Instructions for the task: Restate verbatim the span of lines below between the line with "(ss : list stmt)" and the line with "Definition sz_val (v", including those two lines, and only that span.

Extracted material:
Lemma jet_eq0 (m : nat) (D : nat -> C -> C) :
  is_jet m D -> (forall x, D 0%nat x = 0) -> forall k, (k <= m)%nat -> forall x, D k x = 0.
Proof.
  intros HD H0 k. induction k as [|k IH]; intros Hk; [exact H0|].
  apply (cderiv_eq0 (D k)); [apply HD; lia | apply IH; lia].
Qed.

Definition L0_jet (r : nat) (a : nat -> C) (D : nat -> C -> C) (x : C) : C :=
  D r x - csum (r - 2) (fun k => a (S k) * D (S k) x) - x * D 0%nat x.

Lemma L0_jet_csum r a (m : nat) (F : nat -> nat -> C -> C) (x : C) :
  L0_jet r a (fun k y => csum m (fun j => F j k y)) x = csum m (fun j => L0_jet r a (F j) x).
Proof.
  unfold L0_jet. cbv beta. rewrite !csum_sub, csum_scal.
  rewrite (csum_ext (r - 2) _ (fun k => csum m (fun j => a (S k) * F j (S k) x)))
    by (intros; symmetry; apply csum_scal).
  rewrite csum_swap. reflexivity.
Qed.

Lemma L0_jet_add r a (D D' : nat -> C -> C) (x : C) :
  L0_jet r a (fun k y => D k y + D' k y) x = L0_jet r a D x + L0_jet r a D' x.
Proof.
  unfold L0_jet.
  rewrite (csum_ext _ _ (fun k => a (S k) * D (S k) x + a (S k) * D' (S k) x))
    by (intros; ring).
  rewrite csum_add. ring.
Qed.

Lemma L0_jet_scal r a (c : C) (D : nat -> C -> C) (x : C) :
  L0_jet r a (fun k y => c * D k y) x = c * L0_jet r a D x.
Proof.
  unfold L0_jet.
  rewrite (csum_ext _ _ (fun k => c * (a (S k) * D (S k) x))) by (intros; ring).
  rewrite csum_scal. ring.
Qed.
* * *
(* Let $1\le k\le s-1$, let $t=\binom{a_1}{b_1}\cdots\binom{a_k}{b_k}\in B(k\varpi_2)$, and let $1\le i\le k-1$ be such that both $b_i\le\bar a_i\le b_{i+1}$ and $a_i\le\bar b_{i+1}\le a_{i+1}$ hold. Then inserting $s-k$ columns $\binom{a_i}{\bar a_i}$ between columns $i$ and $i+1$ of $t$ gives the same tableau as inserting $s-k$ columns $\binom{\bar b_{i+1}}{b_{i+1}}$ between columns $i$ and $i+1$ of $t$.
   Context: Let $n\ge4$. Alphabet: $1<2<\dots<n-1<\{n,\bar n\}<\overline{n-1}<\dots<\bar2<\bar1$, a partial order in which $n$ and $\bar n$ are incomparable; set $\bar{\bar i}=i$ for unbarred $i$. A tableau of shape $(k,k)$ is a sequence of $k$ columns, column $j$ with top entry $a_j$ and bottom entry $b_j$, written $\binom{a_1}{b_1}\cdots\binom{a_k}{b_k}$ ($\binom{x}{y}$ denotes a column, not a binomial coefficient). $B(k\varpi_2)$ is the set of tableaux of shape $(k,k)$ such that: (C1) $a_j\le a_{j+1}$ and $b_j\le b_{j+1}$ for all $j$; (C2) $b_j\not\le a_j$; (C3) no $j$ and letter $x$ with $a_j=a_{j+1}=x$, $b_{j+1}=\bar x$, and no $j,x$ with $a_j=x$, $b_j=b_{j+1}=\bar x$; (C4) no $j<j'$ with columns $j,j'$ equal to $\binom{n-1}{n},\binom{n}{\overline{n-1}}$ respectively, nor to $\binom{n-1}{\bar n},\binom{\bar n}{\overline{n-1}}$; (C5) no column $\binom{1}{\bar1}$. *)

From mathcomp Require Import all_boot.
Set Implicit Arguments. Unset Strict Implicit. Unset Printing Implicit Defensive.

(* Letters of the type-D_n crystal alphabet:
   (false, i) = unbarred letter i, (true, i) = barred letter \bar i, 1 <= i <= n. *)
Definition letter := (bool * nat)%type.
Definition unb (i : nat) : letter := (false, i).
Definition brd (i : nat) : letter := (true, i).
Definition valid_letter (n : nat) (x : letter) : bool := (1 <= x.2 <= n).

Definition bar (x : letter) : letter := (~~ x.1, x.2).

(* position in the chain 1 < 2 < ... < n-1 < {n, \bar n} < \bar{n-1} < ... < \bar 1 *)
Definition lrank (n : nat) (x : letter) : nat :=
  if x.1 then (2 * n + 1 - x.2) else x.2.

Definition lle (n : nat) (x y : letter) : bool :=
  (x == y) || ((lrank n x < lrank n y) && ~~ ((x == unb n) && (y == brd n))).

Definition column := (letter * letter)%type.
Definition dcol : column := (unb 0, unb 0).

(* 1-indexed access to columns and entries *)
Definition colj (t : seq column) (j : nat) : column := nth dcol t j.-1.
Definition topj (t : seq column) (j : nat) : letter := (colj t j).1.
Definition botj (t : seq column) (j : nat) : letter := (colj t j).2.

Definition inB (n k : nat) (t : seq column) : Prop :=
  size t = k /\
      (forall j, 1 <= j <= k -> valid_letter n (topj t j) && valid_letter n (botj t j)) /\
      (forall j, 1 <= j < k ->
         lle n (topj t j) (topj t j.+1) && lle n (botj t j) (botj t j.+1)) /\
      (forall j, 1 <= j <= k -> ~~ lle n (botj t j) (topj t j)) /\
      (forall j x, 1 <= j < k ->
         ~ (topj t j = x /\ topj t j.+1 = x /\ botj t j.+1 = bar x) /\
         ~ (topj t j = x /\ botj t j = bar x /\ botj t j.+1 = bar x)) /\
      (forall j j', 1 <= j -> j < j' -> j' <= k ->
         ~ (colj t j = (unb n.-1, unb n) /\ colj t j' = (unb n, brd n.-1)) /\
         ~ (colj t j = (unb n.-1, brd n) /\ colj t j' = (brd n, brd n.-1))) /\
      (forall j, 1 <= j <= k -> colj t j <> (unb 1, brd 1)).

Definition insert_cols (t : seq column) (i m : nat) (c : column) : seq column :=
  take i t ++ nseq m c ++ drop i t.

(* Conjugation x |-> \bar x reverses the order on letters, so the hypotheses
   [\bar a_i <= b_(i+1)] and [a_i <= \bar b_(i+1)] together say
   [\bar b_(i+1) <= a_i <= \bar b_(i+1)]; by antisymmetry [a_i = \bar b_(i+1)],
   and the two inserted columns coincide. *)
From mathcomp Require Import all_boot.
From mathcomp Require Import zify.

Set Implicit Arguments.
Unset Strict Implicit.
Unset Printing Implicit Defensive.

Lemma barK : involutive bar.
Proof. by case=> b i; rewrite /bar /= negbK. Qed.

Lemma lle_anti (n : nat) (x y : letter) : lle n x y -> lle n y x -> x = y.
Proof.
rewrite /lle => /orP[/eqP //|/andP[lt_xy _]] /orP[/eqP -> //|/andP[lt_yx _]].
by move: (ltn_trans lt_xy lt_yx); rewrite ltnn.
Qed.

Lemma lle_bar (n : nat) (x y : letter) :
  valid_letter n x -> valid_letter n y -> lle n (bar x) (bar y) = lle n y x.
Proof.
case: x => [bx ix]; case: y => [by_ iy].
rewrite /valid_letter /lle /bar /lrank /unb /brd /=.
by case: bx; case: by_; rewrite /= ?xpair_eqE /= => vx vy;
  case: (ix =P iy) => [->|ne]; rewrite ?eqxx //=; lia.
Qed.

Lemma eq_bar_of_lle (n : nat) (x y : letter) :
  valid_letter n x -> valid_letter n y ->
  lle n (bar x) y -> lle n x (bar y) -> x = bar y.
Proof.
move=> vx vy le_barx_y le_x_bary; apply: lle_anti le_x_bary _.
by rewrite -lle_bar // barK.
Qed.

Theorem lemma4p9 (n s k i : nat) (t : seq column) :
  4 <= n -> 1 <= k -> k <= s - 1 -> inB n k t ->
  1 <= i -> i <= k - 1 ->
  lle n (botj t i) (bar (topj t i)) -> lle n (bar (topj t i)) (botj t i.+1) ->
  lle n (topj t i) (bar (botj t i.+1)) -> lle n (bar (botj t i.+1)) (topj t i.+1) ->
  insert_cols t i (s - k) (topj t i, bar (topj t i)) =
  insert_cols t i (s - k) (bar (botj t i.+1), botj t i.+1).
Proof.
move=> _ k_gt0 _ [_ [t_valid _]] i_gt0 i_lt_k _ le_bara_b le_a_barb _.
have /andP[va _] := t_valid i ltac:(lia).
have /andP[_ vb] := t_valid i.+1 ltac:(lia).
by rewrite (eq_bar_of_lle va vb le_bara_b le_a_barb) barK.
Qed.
* * *
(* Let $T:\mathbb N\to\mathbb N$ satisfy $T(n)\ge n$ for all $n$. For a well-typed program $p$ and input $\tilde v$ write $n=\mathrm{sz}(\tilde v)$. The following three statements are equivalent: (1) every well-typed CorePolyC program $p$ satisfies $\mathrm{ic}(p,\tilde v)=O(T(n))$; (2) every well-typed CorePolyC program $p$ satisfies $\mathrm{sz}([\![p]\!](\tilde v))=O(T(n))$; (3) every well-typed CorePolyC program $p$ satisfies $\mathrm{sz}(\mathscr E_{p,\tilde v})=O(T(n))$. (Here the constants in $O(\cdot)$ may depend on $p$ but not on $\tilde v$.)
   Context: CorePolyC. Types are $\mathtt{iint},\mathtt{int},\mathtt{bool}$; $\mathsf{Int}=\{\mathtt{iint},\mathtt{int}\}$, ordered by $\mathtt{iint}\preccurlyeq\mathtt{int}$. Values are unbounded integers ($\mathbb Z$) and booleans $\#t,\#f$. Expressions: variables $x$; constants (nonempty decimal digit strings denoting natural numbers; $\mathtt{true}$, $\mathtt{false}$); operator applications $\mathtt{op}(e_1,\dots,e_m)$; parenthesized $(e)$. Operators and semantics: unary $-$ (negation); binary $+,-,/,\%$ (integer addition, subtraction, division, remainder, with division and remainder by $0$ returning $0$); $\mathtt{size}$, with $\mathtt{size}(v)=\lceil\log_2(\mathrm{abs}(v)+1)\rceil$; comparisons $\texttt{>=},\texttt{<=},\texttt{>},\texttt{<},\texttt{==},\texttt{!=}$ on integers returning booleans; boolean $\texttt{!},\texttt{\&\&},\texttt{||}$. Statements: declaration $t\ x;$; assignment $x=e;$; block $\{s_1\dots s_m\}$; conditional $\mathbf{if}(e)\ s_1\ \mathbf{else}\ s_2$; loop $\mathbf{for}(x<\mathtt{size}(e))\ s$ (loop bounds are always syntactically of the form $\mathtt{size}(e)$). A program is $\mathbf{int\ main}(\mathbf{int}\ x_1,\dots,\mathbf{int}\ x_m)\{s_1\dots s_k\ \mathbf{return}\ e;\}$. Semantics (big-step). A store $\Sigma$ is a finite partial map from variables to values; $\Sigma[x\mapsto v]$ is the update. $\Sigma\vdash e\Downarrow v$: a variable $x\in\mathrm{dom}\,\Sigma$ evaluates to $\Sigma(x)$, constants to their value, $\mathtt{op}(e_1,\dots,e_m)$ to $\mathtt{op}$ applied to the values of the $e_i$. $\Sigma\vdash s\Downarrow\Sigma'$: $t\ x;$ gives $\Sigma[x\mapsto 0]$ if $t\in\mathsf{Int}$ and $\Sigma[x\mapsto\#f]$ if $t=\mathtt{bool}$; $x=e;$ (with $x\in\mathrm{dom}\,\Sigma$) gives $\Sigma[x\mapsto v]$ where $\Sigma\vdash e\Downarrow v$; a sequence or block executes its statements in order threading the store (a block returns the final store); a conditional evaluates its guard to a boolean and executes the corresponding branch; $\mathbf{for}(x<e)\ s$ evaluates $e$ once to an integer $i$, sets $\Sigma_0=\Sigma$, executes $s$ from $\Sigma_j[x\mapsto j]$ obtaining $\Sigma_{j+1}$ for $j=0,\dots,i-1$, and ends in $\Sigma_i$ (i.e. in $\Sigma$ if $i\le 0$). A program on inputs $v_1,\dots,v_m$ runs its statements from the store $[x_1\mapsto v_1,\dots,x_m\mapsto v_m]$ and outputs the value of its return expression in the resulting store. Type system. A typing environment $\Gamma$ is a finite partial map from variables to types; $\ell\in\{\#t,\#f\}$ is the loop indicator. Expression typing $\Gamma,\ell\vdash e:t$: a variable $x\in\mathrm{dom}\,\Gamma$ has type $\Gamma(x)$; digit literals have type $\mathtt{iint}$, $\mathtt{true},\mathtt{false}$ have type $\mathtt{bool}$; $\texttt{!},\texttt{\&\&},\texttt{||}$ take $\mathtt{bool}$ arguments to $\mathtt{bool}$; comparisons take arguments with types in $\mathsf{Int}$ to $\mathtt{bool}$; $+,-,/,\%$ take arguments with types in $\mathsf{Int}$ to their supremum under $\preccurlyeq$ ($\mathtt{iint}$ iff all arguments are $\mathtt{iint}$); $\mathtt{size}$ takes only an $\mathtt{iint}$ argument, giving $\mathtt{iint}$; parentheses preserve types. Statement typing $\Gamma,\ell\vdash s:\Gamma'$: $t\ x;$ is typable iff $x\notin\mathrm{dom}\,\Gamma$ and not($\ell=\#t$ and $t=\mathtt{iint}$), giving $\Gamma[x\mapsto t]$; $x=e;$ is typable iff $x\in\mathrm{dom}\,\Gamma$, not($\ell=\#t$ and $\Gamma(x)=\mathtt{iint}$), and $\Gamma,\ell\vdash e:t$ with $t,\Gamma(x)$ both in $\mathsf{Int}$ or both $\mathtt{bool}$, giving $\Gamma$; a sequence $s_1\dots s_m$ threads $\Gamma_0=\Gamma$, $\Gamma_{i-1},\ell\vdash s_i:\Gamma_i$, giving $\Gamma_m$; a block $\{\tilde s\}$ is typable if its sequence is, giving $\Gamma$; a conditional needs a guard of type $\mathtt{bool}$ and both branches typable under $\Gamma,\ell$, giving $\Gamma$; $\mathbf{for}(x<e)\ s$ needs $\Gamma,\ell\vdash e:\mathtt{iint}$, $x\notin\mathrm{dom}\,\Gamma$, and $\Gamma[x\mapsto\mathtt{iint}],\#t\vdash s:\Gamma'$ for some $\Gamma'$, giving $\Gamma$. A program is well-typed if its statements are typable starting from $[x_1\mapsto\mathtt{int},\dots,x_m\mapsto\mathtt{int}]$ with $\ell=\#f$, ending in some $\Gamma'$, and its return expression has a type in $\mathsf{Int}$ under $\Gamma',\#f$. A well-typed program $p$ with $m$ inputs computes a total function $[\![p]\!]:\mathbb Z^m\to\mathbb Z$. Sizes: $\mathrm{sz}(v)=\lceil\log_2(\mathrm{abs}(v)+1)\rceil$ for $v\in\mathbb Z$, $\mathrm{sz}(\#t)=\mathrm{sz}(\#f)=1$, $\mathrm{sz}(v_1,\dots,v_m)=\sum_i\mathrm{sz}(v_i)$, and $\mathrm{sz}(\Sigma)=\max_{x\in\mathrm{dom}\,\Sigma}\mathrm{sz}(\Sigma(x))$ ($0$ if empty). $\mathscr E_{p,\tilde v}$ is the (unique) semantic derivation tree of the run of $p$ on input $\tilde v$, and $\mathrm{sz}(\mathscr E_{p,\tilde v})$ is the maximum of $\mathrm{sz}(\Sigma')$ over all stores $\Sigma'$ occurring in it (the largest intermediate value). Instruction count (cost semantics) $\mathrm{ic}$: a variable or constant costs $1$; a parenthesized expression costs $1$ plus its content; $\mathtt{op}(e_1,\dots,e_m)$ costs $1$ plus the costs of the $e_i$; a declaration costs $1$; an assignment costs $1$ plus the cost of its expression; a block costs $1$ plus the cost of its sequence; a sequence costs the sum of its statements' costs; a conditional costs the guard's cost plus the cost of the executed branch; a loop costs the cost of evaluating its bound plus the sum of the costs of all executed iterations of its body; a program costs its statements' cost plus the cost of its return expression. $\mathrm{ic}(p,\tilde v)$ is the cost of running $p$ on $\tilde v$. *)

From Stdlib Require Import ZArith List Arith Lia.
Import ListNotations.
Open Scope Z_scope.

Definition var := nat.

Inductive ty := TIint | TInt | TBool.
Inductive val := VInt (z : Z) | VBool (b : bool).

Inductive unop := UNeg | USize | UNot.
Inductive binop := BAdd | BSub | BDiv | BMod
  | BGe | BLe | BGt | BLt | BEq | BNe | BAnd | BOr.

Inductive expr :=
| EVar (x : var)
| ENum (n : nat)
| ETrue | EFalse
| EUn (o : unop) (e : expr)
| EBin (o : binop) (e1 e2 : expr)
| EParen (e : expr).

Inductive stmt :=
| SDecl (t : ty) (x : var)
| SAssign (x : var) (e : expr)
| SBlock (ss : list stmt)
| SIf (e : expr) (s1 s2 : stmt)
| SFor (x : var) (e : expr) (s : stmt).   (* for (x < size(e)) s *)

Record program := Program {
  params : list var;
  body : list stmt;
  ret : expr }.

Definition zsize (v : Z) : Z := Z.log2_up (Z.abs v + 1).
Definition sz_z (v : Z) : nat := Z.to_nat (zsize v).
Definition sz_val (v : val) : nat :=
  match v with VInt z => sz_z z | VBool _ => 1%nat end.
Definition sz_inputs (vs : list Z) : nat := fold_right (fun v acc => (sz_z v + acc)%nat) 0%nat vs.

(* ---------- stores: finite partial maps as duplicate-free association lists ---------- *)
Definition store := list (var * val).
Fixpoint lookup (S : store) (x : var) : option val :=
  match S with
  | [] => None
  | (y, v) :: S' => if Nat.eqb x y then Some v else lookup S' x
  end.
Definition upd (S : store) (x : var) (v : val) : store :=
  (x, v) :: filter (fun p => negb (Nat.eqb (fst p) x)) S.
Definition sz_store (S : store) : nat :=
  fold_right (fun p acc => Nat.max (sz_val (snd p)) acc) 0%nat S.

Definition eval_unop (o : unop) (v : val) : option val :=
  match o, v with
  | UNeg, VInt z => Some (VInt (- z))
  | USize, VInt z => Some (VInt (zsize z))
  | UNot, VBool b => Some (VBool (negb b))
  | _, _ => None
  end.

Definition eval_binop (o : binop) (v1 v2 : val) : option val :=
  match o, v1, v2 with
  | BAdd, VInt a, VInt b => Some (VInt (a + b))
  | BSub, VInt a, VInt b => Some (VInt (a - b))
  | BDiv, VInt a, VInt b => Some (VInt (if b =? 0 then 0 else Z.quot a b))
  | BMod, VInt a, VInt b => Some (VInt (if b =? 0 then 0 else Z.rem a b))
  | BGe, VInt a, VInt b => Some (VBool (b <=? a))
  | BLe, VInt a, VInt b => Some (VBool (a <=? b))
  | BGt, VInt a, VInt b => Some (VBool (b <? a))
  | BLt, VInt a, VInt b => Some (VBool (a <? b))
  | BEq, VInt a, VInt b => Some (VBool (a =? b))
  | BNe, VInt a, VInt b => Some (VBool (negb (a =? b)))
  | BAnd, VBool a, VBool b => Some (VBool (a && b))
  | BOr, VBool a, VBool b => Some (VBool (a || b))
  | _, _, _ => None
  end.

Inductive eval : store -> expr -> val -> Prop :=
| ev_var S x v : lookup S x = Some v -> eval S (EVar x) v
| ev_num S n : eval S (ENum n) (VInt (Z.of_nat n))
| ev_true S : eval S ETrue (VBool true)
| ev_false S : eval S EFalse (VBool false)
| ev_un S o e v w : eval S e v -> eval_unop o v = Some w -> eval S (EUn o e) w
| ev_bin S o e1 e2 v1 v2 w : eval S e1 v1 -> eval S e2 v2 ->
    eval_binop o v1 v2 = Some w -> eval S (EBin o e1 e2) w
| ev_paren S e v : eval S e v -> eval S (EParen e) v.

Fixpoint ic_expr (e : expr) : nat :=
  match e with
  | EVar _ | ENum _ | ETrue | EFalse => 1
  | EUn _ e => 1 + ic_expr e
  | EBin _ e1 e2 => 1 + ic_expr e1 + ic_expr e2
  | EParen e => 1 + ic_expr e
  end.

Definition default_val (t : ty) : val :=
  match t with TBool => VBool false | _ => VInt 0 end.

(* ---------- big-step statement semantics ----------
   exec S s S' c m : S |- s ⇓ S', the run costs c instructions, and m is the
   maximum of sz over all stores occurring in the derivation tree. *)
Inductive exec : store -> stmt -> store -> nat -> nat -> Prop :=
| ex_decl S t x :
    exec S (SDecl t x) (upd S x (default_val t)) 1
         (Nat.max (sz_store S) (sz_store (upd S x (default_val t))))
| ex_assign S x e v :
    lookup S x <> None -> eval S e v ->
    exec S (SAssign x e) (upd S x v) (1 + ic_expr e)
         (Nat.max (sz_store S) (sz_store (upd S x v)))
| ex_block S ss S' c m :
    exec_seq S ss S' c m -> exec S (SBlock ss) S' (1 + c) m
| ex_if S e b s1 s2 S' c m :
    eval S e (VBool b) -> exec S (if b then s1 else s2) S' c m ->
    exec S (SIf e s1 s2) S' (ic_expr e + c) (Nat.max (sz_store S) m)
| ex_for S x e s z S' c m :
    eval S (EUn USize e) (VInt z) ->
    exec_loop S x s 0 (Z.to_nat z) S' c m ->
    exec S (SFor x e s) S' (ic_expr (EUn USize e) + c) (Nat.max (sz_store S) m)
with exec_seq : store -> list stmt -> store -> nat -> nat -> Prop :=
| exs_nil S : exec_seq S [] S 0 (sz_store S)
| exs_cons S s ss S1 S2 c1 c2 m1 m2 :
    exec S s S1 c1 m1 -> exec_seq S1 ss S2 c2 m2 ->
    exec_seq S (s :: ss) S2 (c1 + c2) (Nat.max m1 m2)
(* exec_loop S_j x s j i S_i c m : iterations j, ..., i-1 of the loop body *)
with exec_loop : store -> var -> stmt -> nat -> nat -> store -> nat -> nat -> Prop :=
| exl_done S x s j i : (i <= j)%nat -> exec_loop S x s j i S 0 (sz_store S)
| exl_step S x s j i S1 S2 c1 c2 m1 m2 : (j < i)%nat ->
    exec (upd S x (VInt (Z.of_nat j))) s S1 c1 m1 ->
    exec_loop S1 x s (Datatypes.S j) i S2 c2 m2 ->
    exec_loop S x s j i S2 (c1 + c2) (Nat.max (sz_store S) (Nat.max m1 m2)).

Worked solution:
| SBlock (ss : list stmt)
| SIf (e : expr) (s1 s2 : stmt)
| SFor (x : var) (e : expr) (s : stmt).   (* for (x < size(e)) s *)

Record program := Program {
  params : list var;
  body : list stmt;
  ret : expr }.

Definition zsize (v : Z) : Z := Z.log2_up (Z.abs v + 1).
Definition sz_z (v : Z) : nat := Z.to_nat (zsize v).
Definition sz_val (v : val) : nat :=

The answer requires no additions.